- Starring: Inez Bjørg David Bert Tischendorf Steve Windolf Bettina Lamprecht Sebastian Fräsdorf Matthias Bollwerk Nikola Kastner Linda Chang
- Country of origin: Germany
- Original language: German
- No. of seasons: 1
- No. of episodes: 8

Production
- Producer: UFA Fiction

Original release
- Network: RTL Television
- Release: 22 August – 17 October 2013

= Doc meets Dorf =

Doc meets Dorf is a German television series that premiered on 22 August 2013 on RTL Television.

==Plot==
Cows, guys and disasters: Inez Bjørg David plays the top surgeon Dr. Fritzi Frühling. As the city dweller loses her job and the boyfriend marries another, an inheritance comes just right: she becomes the owner of an old farm in Kanada.
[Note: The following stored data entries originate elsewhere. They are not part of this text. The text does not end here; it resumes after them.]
Lemma ler0_derive_off_seq_le h d F a b : a <= b ->
  (forall s, s \in `[a, b] -> {for s, continuous h}) ->
  (forall s, s \in `]a, b[ -> s \notin F -> is_derive s 1 h (d s)) ->
  (forall s, s \in `]a, b[ -> s \notin F -> d s <= 0) ->
  h b <= h a.
Proof.
elim: F a b => [|x F IH] a b ab hc hd dle0.
  case: (ltgtP a b) ab => // [{}ab _|-> //].
  have [s sab hE] := MVT ab (fun s sab => hd s sab isT) (within_itv_continuous hc).
  by rewrite -subr_le0 hE mulr_le0_ge0 ?dle0 // subr_ge0 ltW.
have notin_cons s : s != x -> s \notin F -> s \notin x :: F.
  by move=> sx sF; rewrite in_cons negb_or sx.
have [/andP [ax xb]|xab] := boolP (a < x < b); last first.
  have sx s : s \in `]a, b[ -> s != x.
    by move=> sab; apply: contraNneq xab => <-; rewrite in_itv in sab.
  apply: IH => // s sab sF.
    exact: hd sab (notin_cons s (sx s sab) sF).
  exact: dle0 sab (notin_cons s (sx s sab) sF).
have sub_lo s : s \in `]a, x[ -> s \in `]a, b[.
  by rewrite !in_itv /= => /andP [-> /lt_trans ->].
have sub_hi s : s \in `]x, b[ -> s \in `]a, b[.
  by rewrite !in_itv /= => /andP [/(lt_trans ax) -> ->].
have hxb : h b <= h x.
  apply (IH x b (ltW xb)) => [s|s sxb sF|s sxb sF].
  - rewrite in_itv /= => /andP [xs sb]; apply: hc.
    by rewrite in_itv /= sb (le_trans (ltW ax) xs).
  - by apply: hd (sub_hi s sxb) (notin_cons s _ sF); rewrite gt_eqF // (itvP sxb).
  - by apply: dle0 (sub_hi s sxb) (notin_cons s _ sF); rewrite gt_eqF // (itvP sxb).
have hax : h x <= h a.
  apply (IH a x (ltW ax)) => [s|s sax sF|s sax sF].
  - rewrite in_itv /= => /andP [as_ sx]; apply: hc.
    by rewrite in_itv /= as_ (le_trans sx (ltW xb)).
  - by apply: hd (sub_lo s sax) (notin_cons s _ sF); rewrite lt_eqF // (itvP sax).
  - by apply: dle0 (sub_lo s sax) (notin_cons s _ sF); rewrite lt_eqF // (itvP sax).
exact: le_trans hxb hax.
Qed.

Lemma derive_cst_off_seq_affine h c F a b : a <= b ->
  (forall s, s \in `[a, b] -> {for s, continuous h}) ->
  (forall s, s \in `]a, b[ -> s \notin F -> is_derive s 1 h c) ->
  h b = h a + c * (b - a).
Proof.
move=> ab hc hd.
have lin (s : R) : is_derive s 1 (fun u : R => c * u) c.
  have := @is_deriveZ R R^o R^o id c s 1 1 (is_derive_id s 1).
  by rewrite /GRing.scale /= mulr1.
have lin_cont (s : R) : {for s, continuous (fun u : R => c * u)}.
  exact: continuousM (@cst_continuous _ _ c s) (@cvg_id _ _).
have le1 : h b - c * b <= h a - c * a.
  apply (ler0_derive_off_seq_le (h := fun u => h u - c * u) (d := fun=> 0) (F := F) ab)
    => [s sab|s sab sF|//].
    exact: continuousB (hc s sab) (lin_cont s).
  by rewrite -(subrr c); apply: is_deriveB (hd s sab sF) (lin s).
have le2 : c * b - h b <= c * a - h a.
  apply (ler0_derive_off_seq_le (h := fun u => c * u - h u) (d := fun=> 0) (F := F) ab)
    => [s sab|s sab sF|//].
    exact: continuousB (lin_cont s) (hc s sab).
  by rewrite -(subrr c); apply: is_deriveB (lin s) (hd s sab sF).
by apply/eqP; rewrite eq_le; apply/andP; split; rewrite mulrBr; lra.
Qed.

Lemma sg_const_continuous_neq0 f a b :
  (forall s, s \in `[a, b] -> {for s, continuous f}) ->
  (forall s, s \in `[a, b] -> f s != 0) ->
  forall s, s \in `[a, b] -> Num.sg (f s) = Num.sg (f a).
Proof.
move=> fc fneq0 s sab; have := sab; rewrite in_itv /= => /andP [as_ sb].
have aab : a \in `[a, b] by rewrite in_itv /= lexx (le_trans as_ sb).
apply/eqP; apply: contraT => sg_neq.
have [x xas fx0] : exists2 x, x \in `[a, s] & f x = 0.
  apply: IVT as_ _ _.
    apply: within_itv_continuous => x; rewrite !in_itv /= => /andP [ax xs].
    by apply: fc; rewrite in_itv /= ax (le_trans xs sb).
  move: sg_neq (fneq0 s sab) (fneq0 a aab).
  rewrite ge_min !le_max.
  by case: (sgrP (f a)) => fa; case: (sgrP (f s)) => fs; rewrite ?eqxx //= ?ltW.
have := xas; rewrite in_itv /= => /andP [ax xs].
by have := fneq0 x; rewrite fx0 eqxx in_itv /= ax (le_trans xs sb) => /(_ isT).
Qed.
(* With $T$ and $\tilde S$ as in the context, $p_T/2\le p_{\tilde S}\le p_T$.
   Context: Barycentric subdivisions: $T_0$ is an equilateral triangle with vertices $v_0,v_1,v_2$. $T_n$ is obtained by subdividing every triangular face $\{x,y,z\}$ of $T_{n-1}$ into the six triangles $\{x,m_{xy},c\},\{m_{xy},y,c\},\{y,m_{yz},c\},\{m_{yz},z,c\},\{z,m_{zx},c\},\{m_{zx},x,c\}$, where $m_{uv}$ are side midpoints and $c$ is the barycenter. As a simple graph, $T_n$ has the vertices of this triangulation and the sides of its $6^n$ faces as edges. $\tilde S_n$ is the multigraph on the vertex set of $T_n$ containing, for each face of $T_n$, its own copy of each of the face's three sides. Sides shared by two faces, i.e. edges not on the boundary of $T_0$, are therefore doubled, and boundary edges are single. This is the graph obtained from the $n$-th approximation of the non-p.c.f. Sierpinski gasket by identifying midpoints of parallel edges. $T$ and $\tilde S$ denote the limits. Bond percolation with parameter $p$: each edge receives an i.i.d. uniform $[0,1]$ label $\omega(e)$ and is open if $\omega(e)<p$. For $G\in\{T,\tilde S\}$ with approximations $G_n$, $p_G=\sup\{p\in[0,1]:\mathbb{P}_p(\text{there is an open path from } v_0 \text{ to } v_1 \text{ in } G_n)\to0 \text{ as } n\to\infty\}$. *)

From HB Require Import structures.
From mathcomp Require Import all_boot all_order all_algebra.
From mathcomp Require Import all_classical all_reals all_analysis.
Set Implicit Arguments. Unset Strict Implicit. Unset Printing Implicit Defensive.
Import Order.TTheory GRing.Theory Num.Theory numFieldNormedType.Exports.
Local Open Scope ring_scope.
Local Open Scope classical_set_scope.
Lemma add_gain : #|out_nbrs E w :\: in_nbrs E u| + #|in_nbrs E u :\: out_nbrs E w|
  <= #|paths3 E' :\: paths3 E|.
Proof.
have inj1 : injective (fun c : 'I_n => (u, w, c)) by move=> ? ? [].
have inj2 : injective (fun x : 'I_n => (x, u, w)) by move=> ? ? [].
have hE'uw : E' u w by rewrite /E' /add_edge !eqxx orbT.
rewrite -(card_imset _ inj1) -(card_imset _ inj2); apply: card_disjoint_sub.
- rewrite disjoint_subset; apply/subsetP => _ /imsetP [c _ ->]; rewrite !inE.
  by apply/imsetP => -[x _ [_ e _]]; move: huw'; rewrite e eqxx.
- apply/subsetP => _ /imsetP [c hc ->]; rewrite !inE in hc; case/andP: hc => hcu hwc.
  have hwc' := edge_neq hv hwc.
  have huc : u != c by apply: contraNneq nEwu => ->.
  rewrite in_setD; apply/andP; split.
  + by apply/negP => /paths3_elim [[_ _ _ h _] _]; move: nEuw; rewrite h.
  + apply: paths3_intro => //; rewrite /E' /add_edge ?hwc //.
    * by rewrite negb_or (out_w_not_out_u hwc) /= negb_and eq_sym hwc' orbT.
    * by rewrite negb_or hcu negb_and (negbTE huw') orbT.
- apply/subsetP => _ /imsetP [x hx ->]; rewrite !inE in hx; case/andP: hx => hwx hxu.
  have hxu' := edge_neq hv hxu.
  have hxw : x != w by apply: contraNneq nEwu => <-.
  rewrite in_setD; apply/andP; split.
  + by apply/negP => /paths3_elim [[_ _ _ _ h] _]; move: nEuw; rewrite h.
  + apply: paths3_intro => //; rewrite /E' /add_edge ?hxu //.
    * by rewrite negb_or (in_u_not_in_w hxu) negb_and hxu'.
    * by rewrite negb_or hwx negb_and eq_sym (negbTE huw').
Qed.

Lemma out_u_small : #|out_nbrs E u| <= (cdist u w).-1.
Proof.
rewrite -(card_dist_after u (ltnW (cdist_lt u w))); apply/subset_leq_card/subsetP => v.
rewrite !inE => huv; rewrite (out_u_before_w huv) andbT.
exact: cdist_pos (edge_neq hv huv).
Qed.

Lemma out_w_large : 2 * cdist u w <= n -> (cdist u w).-1 <= #|out_nbrs E w|.
Proof.
move=> hhalf; rewrite -(card_dist_after w (ltnW (cdist_lt u w))).
by apply/subset_leq_card/subsetP => v; rewrite !inE; apply: out_w_near.
Qed.

Lemma in_u_large : 2 * cdist u w <= n -> (cdist u w).-1 <= #|in_nbrs E u|.
Proof.
move=> hhalf; rewrite -(card_dist_before u (ltnW (cdist_lt u w))).
by apply/subset_leq_card/subsetP => v; rewrite !inE; apply: in_u_near.
Qed.

(* A common neighbour w -> b -> u forces out w and in u to cover the arc
   from w to u. *)
Lemma common_nbr_union : 0 < #|out_nbrs E w :&: in_nbrs E u| ->
  (cdist w u).-1 <= #|out_nbrs E w :|: in_nbrs E u|.
Proof.
case/card_gt0P => b; rewrite !inE => /andP [hwb hbu].
rewrite -card_arc 1?eq_sym //; apply/subset_leq_card/subsetP => v.
by rewrite !inE; exact: (two_path_cover hv hwb hbu).
Qed.

Lemma add_P3 : 4 * cdist u w <= n -> (forall x y, E x y -> 2 * cdist x y < n) ->
  P3 E <= P3 E' /\ (1 < cdist u w -> P3 E < P3 E').
Proof.
move=> hquarter hshort; have hhalf : 2 * cdist u w <= n by lia.
have [hf _] := short_degrees w hv hshort; have [_ hg] := short_degrees u hv hshort.
have hkf : #|out_nbrs E w :&: in_nbrs E u| <= #|out_nbrs E w| by apply/subset_leq_card/subsetIl.
have hkg : #|out_nbrs E w :&: in_nbrs E u| <= #|in_nbrs E u| by apply/subset_leq_card/subsetIr.
have hU : 0 < #|out_nbrs E w :&: in_nbrs E u| ->
    (n - cdist u w).-1 <= #|out_nbrs E w :|: in_nbrs E u|.
  by move=> /common_nbr_union; have := cdist_sym huw'; lia.
apply: (add_count_arith hquarter (cdist_pos huw') out_u_small (out_w_large hhalf)
  (in_u_large hhalf) hf hg hkf hkg hU (cardsUI _ _) _ add_loss (P3_balance E E')).
by rewrite -!cardsD setIC -cardsD; exact: add_gain.
Qed.
End ShortestNonEdge.

(* Adding a non-edge uw of length 1 removes its inversions with all longer
   edges and creates none (no non-edge is shorter than 1). *)
Lemma add_unit_xi n (E : rel 'I_n) u w p q : nonedge E u w -> cdist u w = 1 ->
  E p q -> 1 < cdist p q -> xi (add_edge E u w) < xi E.
Proof.
move=> huw h1 hpq hlong.
apply: (@proper_card _ (inversions (add_edge E u w)) (inversions E)); apply/properP; split.
- apply/subsetP => -[[x y] [s t]]; rewrite !inE /= /add_edge /nonedge.
  move=> /and3P [hxy /and3P [hst hn1 hn2] hlen].
  rewrite negb_or in hn1; rewrite negb_or in hn2.
  case/andP: hn1 => -> _; case/andP: hn2 => -> _; rewrite hst hlen /= andbT.
  case/orP: hxy => // /andP [/eqP ? /eqP ?]; subst.
  by have := cdist_pos hst; lia.
- exists ((p, q), (u, w)); first by rewrite inE /= hpq huw h1 hlong.
  by rewrite inE /= /nonedge /add_edge !eqxx orbT /= !andbF.
Qed.

Definition cycle_rel n : rel 'I_n := fun x y => cdist x y == 1.

Lemma cycle_valid n : 3 <= n -> valid (@cycle_rel n).
Proof.
move=> hn; split.
- by move=> x; rewrite /cycle_rel; move: (ltn_ord x); circle_arith.
- by move=> x y hxy; rewrite /cycle_rel; move: hxy hn (ltn_ord x) (ltn_ord y); circle_arith.
- by move=> x v y hc; rewrite /cycle_rel => h; move: hc h (ltn_ord x) (ltn_ord v) (ltn_ord y);
    circle_arith.
Qed.

Lemma cycle_P3_gt n (E : rel 'I_n) u w : 4 <= n -> nonedge E u w -> cdist u w = 1 ->
  (forall x y, E x y -> cdist x y = 1) -> P3 E < P3 (@cycle_rel n).
Proof.
move=> hn huw h1 hunit.
apply: (@proper_card _ (paths3 E) (paths3 (@cycle_rel n))); apply/properP; split.
- apply/subsetP => -[[x y] z] /paths3_elim [[hxy hyz hxz exy eyz] _].
  have e1 := hunit _ _ exy; have e2 := hunit _ _ eyz.
  apply: paths3_intro; rewrite // /cycle_rel ?e1 ?e2 //;
    move: e1 e2 hxz hn (ltn_ord x) (ltn_ord y) (ltn_ord z); circle_arith.
- have [v hv] : exists v : 'I_n, cdist w v = 1.
    have hn0 : 0 < n by lia.
    case: (ltnP w.+1 n) => hw; [exists (Ordinal hw) | exists (Ordinal hn0)];
      rewrite cdistE /=; move: (ltn_ord w); case: ifP; lia.
  exists (u, w, v).
  + by apply: paths3_intro; rewrite /cycle_rel;
      move: h1 hv hn (ltn_ord u) (ltn_ord w) (ltn_ord v); circle_arith.
  + by apply/negP => /paths3_elim [[_ _ _ h _] _]; move: huw; rewrite /nonedge h andbF.
Qed.

Theorem mainTheorem6 (n : nat) (hn : 4 <= n) (E : rel 'I_n) :
  optimal E ->
  forall a : nat, alpha E = Some a -> n < 4 * a.
Proof.
move=> hopt a ha; have [hv hP3max hximin] := hopt.
have [[u [w [huw <-]]] hshortest] := alphaP ha.
rewrite ltnNge; apply/negP => hquarter.
have hpos : 0 < cdist u w by apply: cdist_pos; case/and3P: huw.
have hhalf : 2 * cdist u w < n by lia.
have hshort := optimal_edges_short hopt huw hhalf.
have [hle hlt] := add_P3 hv huw hshortest hquarter hshort.
have hv' := add_valid hv huw hshortest; have hmax := hP3max _ hv'.
have hunit : cdist u w = 1 by case: (ltnP 1 (cdist u w)) => [/hlt|]; lia.
have hP3eq : P3 (add_edge E u w) = P3 E by lia.
have hedges x y : E x y -> cdist x y = 1.
  move=> hxy; case: (ltnP 1 (cdist x y)) => [hlong|].
  - by have := hximin _ hv' hP3eq; have := add_unit_xi huw hunit hxy hlong; lia.
  - by have := cdist_pos (edge_neq hv hxy); lia.
have := hP3max _ (cycle_valid (ltnW hn)); have := cycle_P3_gt hn huw hunit hedges; lia.
Qed.
Inductive stype : Type :=
| TEnd
| TIn  (c : option ckname) (p : participant) (bs : list (label * stype))
| TOut (c : option ckname) (p : participant) (bs : list (label * stype)).

Inductive has_type : proc -> stype -> Prop :=
| ht_nil : has_type PNil TEnd
| ht_in c p bs ts :
    bs <> [] -> NoDup (map fst bs) ->
    Forall2 (fun b t => fst b = fst t /\ has_type (snd b) (snd t)) bs ts ->
    has_type (PIn c p bs) (TIn c p ts)
| ht_out c p bs ts :
    bs <> [] -> NoDup (map fst bs) ->
    Forall2 (fun b t => fst b = fst t /\ has_type (snd b) (snd t)) bs ts ->
    has_type (POut c p bs) (TOut c p ts).

Inductive subtype : stype -> stype -> Prop :=
| sub_end : subtype TEnd TEnd
| sub_in c p ts us :
    (forall l U, In (l, U) us -> exists T, In (l, T) ts /\ subtype T U) ->
    subtype (TIn c p ts) (TIn c p us)
| sub_out c p ts us :
    (forall l T, In (l, T) ts -> exists U, In (l, U) us /\ subtype T U) ->
    subtype (TOut c p ts) (TOut c p us).

Inductive global : Type :=
| GEnd
| GComm (c : option ckname) (p q : participant) (bs : list (label * global)).

Definition gck (G : global) : option ckname :=
  match G with GEnd => None | GComm c _ _ _ => c end.

Inductive in_parts : participant -> global -> Prop :=
| ip_snd c p q bs : in_parts p (GComm c p q bs)
| ip_rcv c p q bs : in_parts q (GComm c p q bs)
| ip_br c p q bs r b : In b bs -> in_parts r (snd b) -> in_parts r (GComm c p q bs).

Inductive add_ck : option ckname -> stype -> stype -> Prop :=
| ack_none T : add_ck None T T
| ack_end A : add_ck (Some A) TEnd TEnd
| ack_in A p ts : add_ck (Some A) (TIn None p ts) (TIn (Some A) p ts)
| ack_out A p ts : add_ck (Some A) (TOut None p ts) (TOut (Some A) p ts).
(* Let $(\gamma_n)$ be a sequence of positive reals satisfying conditions (C1)–(C7) below, and let $f\in\mathcal{L}$. Then the sequence $\beta_n^f(t)$ converges to a constant function $L$, and the sequence \[ \nu_n^f(t)=\frac{\sum_{k=0}^n |K^k[f(t)]|^2}{\sum_{k=0}^n \frac{1}{\gamma_k}} \] converges to the constant function $L/2$, uniformly on every compact interval.
   Context: Given positive reals $\gamma_n$, set $\gamma_{-1}=1$, $p_{-1}=0$, $p_0=1$ and $\gamma_n p_{n+1}(\omega)=\omega p_n(\omega)-\gamma_{n-1}p_{n-1}(\omega)$ ($n\ge0$). Let $\Delta_n=\gamma_{n+1}-\gamma_n$, $\Delta^2_n=\Delta_{n+1}-\Delta_n$. Conditions: (C1) $\gamma_n\to\infty$; (C2) $\Delta_n\to0$; (C3) there exist $n_0,m_0$ with $\gamma_{n+m}>\gamma_n$ for all $n\ge n_0$, $m\ge m_0$; (C4) $\sum 1/\gamma_j=\infty$; (C5) some $\kappa>1$ has $\sum\gamma_j^{-\kappa}<\infty$; (C6) $\sum|\Delta_n|/\gamma_n^2<\infty$; (C7) $\sum|\Delta^2_n|/\gamma_n<\infty$. $C^\infty_{\mathbb{R}\to\mathbb{C}}$ is the set of functions $\mathbb{R}\to\mathbb{C}$ with infinitely differentiable real and imaginary parts. $K^n_t=(-i)^n p_n\!\left(i\frac{d}{dt}\right)$ (index $t$ may be omitted). $\beta_n^f(t)=\gamma_n(|K^n[f(t)]|^2+|K^{n+1}[f(t)]|^2)$, and $\mathcal{L}$ is the set of $f\in C^\infty_{\mathbb{R}\to\mathbb{C}}$ for which $\beta_n^f(t)$ converges uniformly on every compact interval. *)

From Stdlib Require Import Reals.
From Coquelicot Require Import Coquelicot.
Open Scope R_scope.

(* gamma_{n-1}, with the convention gamma_{-1} = 1 *)
Definition gam_prev (g : nat -> R) (n : nat) : R :=
  match n with O => 1 | S m => g m end.

Definition shift_coef (c : nat -> R) (k : nat) : R :=
  match k with O => 0 | S j => c j end.

(* pp g n = (coefficients of p_{n-1}, coefficients of p_n), where
   coefficient k is the coefficient of omega^k; p_{-1}=0, p_0=1 and
   gamma_n p_{n+1} = omega p_n - gamma_{n-1} p_{n-1}. *)
Fixpoint pp (g : nat -> R) (n : nat) : (nat -> R) * (nat -> R) :=
  match n with
  | O => (fun _ => 0, fun k => match k with O => 1 | S _ => 0 end)
  | S m => let (a, b) := pp g m in
           (b, fun k => (shift_coef b k - gam_prev g m * a k) / g m)
  end.

Definition pcoef (g : nat -> R) (n k : nat) : R := snd (pp g n) k.

Fixpoint Csum (F : nat -> C) (n : nat) : C :=
  match n with O => F O | S m => Cplus (Csum F m) (F (S m)) end.
Fixpoint Rsum (F : nat -> R) (n : nat) : R :=
  match n with O => F O | S m => Rsum F m + F (S m) end.

Definition smoothC (f : R -> C) : Prop :=
  forall (k : nat) (t : R),
    ex_derive_n (fun s => fst (f s)) k t /\ ex_derive_n (fun s => snd (f s)) k t.

Definition DnC (f : R -> C) (k : nat) (t : R) : C :=
  (Derive_n (fun s => fst (f s)) k t, Derive_n (fun s => snd (f s)) k t).

(* K^n[f](t) = (-i)^n p_n(i d/dt) f (t); p_n has degree <= n *)
Definition Kop (g : nat -> R) (n : nat) (f : R -> C) (t : R) : C :=
  Cmult (Cpow (Copp Ci) n)
    (Csum (fun k => Cmult (RtoC (pcoef g n k)) (Cmult (Cpow Ci k) (DnC f k t))) n).

Definition beta (g : nat -> R) (f : R -> C) (n : nat) (t : R) : R :=
  g n * (Cmod (Kop g n f t) ^ 2 + Cmod (Kop g (S n) f t) ^ 2).

Definition nu (g : nat -> R) (f : R -> C) (n : nat) (t : R) : R :=
  Rsum (fun k => Cmod (Kop g k f t) ^ 2) n / Rsum (fun k => / g k) n.

Definition unif_cv_compact (u : nat -> R -> R) (l : R -> R) : Prop :=
  forall a b eps : R, 0 < eps ->
    exists N : nat, forall n : nat, (N <= n)%nat ->
      forall t : R, a <= t <= b -> Rabs (u n t - l t) < eps.

Definition in_L (g : nat -> R) (f : R -> C) : Prop :=
  smoothC f /\ exists l : R -> R, unif_cv_compact (beta g f) l.

Definition Delta (g : nat -> R) (n : nat) : R := g (S n) - g n.
Definition Delta2 (g : nat -> R) (n : nat) : R := Delta g (S n) - Delta g n.

Definition conditions (g : nat -> R) : Prop :=
  (forall n, 0 < g n) /\
  (* C1 *) is_lim_seq g p_infty /\
  is_lim_seq (Delta g) 0 /\
  (exists n0 m0 : nat, forall n m : nat, (n0 <= n)%nat -> (m0 <= m)%nat ->
              g n < g (n + m)%nat) /\
  (* C4 *) is_lim_seq (Rsum (fun j => / g j)) p_infty /\
  (exists kappa : R, 1 < kappa /\ ex_series (fun j => / Rpower (g j) kappa)) /\
  ex_series (fun n => Rabs (Delta g n) / (g n) ^ 2) /\
  ex_series (fun n => Rabs (Delta2 g n) / g n).

From Stdlib Require Import Reals Lra Lia.
From Coquelicot Require Import Coquelicot.
Open Scope R_scope.

(* Write [K^n f = (-i)^n u_n] with [u_n = p_n(i d/dt) f] ([Kp] below).  The three-term
   recurrence gives [u_n' = -i (g_n u_(n+1) + g_(n-1) u_(n-1))], so [d/dt |K^n f|^2 =
   2 (F_n - F_(n-1))] for the flux [F_n = g_n Im(conj(u_n) u_(n+1))]; the partial sums [S_n] of
   [|K^k f|^2] thus satisfy [S_n' = 2 F_n] with [|2 F_n| <= beta_n].  Summing
   [beta_k / g_k = |K^k f|^2 + |K^(k+1) f|^2] gives
   [2 S_n = sum_(k<=n) beta_k / g_k + |K^0 f|^2 - |K^(n+1) f|^2], so [nu_n] is, up to boundary
   terms that (C1) makes negligible, a Cesaro mean of [beta_k / 2] with weights [1/g_k], whose
   total diverges by (C4).  Hence [nu_n -> l/2] uniformly, [l] being the limit of [beta_n].
   Finally [|nu_n(t) - nu_n(s)| <= sup beta_n |t - s| / sum_(k<=n) 1/g_k -> 0], so [l] is
   constant.  Only positivity of [g], (C1) and (C4) are needed. *)

Definition is_derive_C (F : R -> C) (t : R) (D : C) : Prop :=
  is_derive (fun s => fst (F s)) t (fst D) /\ is_derive (fun s => snd (F s)) t (snd D).

Lemma is_derive_C_plus (F G : R -> C) t DF DG :
  is_derive_C F t DF -> is_derive_C G t DG ->
  is_derive_C (fun s => Cplus (F s) (G s)) t (Cplus DF DG).
Proof.
  intros [HF1 HF2] [HG1 HG2]; split.
  - exact (is_derive_plus _ _ _ _ _ HF1 HG1).
  - exact (is_derive_plus _ _ _ _ _ HF2 HG2).
Qed.

Lemma is_derive_C_scal (z : C) (F : R -> C) t D :
  is_derive_C F t D -> is_derive_C (fun s => Cmult z (F s)) t (Cmult z D).
Proof.
  destruct z as [p q]; intros [H1 H2]; split; simpl.
  - exact (is_derive_minus _ _ _ _ _ (is_derive_scal _ _ p _ H1) (is_derive_scal _ _ q _ H2)).
  - exact (is_derive_plus _ _ _ _ _ (is_derive_scal _ _ p _ H2) (is_derive_scal _ _ q _ H1)).
Qed.

Lemma Cmod_sqr (z : C) : Cmod z ^ 2 = fst z ^ 2 + snd z ^ 2.
Proof. unfold Cmod; rewrite pow2_sqrt; nra. Qed.

Lemma is_derive_Cmod_sqr (F : R -> C) t D : is_derive_C F t D ->
  is_derive (fun s => Cmod (F s) ^ 2) t (2 * (fst (F t) * fst D + snd (F t) * snd D)).
Proof.
  intros [H1 H2].
  apply is_derive_ext with (f := fun s => fst (F s) ^ 2 + snd (F s) ^ 2).
  { intros s; symmetry; apply Cmod_sqr. }
  replace (2 * _) with (INR 2 * fst D * fst (F t) ^ 1 + INR 2 * snd D * snd (F t) ^ 1)
    by (simpl; ring).
  exact (is_derive_plus _ _ _ _ _ (is_derive_pow _ 2 _ _ H1) (is_derive_pow _ 2 _ _ H2)).
Qed.

Lemma is_derive_C_DnC (f : R -> C) k t :
  smoothC f -> is_derive_C (DnC f k) t (DnC f (S k) t).
Proof. intros Hf; destruct (Hf (S k) t); split; now apply Derive_correct. Qed.

Definition poly_iD (f : R -> C) (c : nat -> R) (m : nat) (t : R) : C :=
  Csum (fun k => Cmult (RtoC (c k)) (Cmult (Cpow Ci k) (DnC f k t))) m.

Lemma Csum_ext (F G : nat -> C) m :
  (forall k, (k <= m)%nat -> F k = G k) -> Csum F m = Csum G m.
Proof.
  induction m as [|m IH]; intros H; simpl.
  - apply H; lia.
  - rewrite IH by (intros; apply H; lia). now rewrite H by lia.
Qed.

Lemma poly_iD_ext f (c d : nat -> R) m t :
  (forall k, c k = d k) -> poly_iD f c m t = poly_iD f d m t.
Proof. intros H; apply Csum_ext; intros k _; now rewrite H. Qed.

Lemma poly_iD_lin f (c d : nat -> R) (a b : R) m t :
  poly_iD f (fun k => a * c k + b * d k) m t =
  Cplus (Cmult (RtoC a) (poly_iD f c m t)) (Cmult (RtoC b) (poly_iD f d m t)).
Proof.
  induction m as [|m IH]; unfold poly_iD in *; simpl; [|rewrite IH];
    apply injective_projections; simpl; ring.
Qed.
But Kanada is in this case just a dull Kaff in Brandenburg. So Fritzi travels there to sell the farm, but has the bill made without the villagers who have long been looking for a new country doctor. In addition to cows Fritzi meets one or the other handsome man. The choice is next to the nature boy Kai (Steve Windolf) just her ex-boyfriend Falk (Bert Tischendorf), who has settled here as a veterinarian.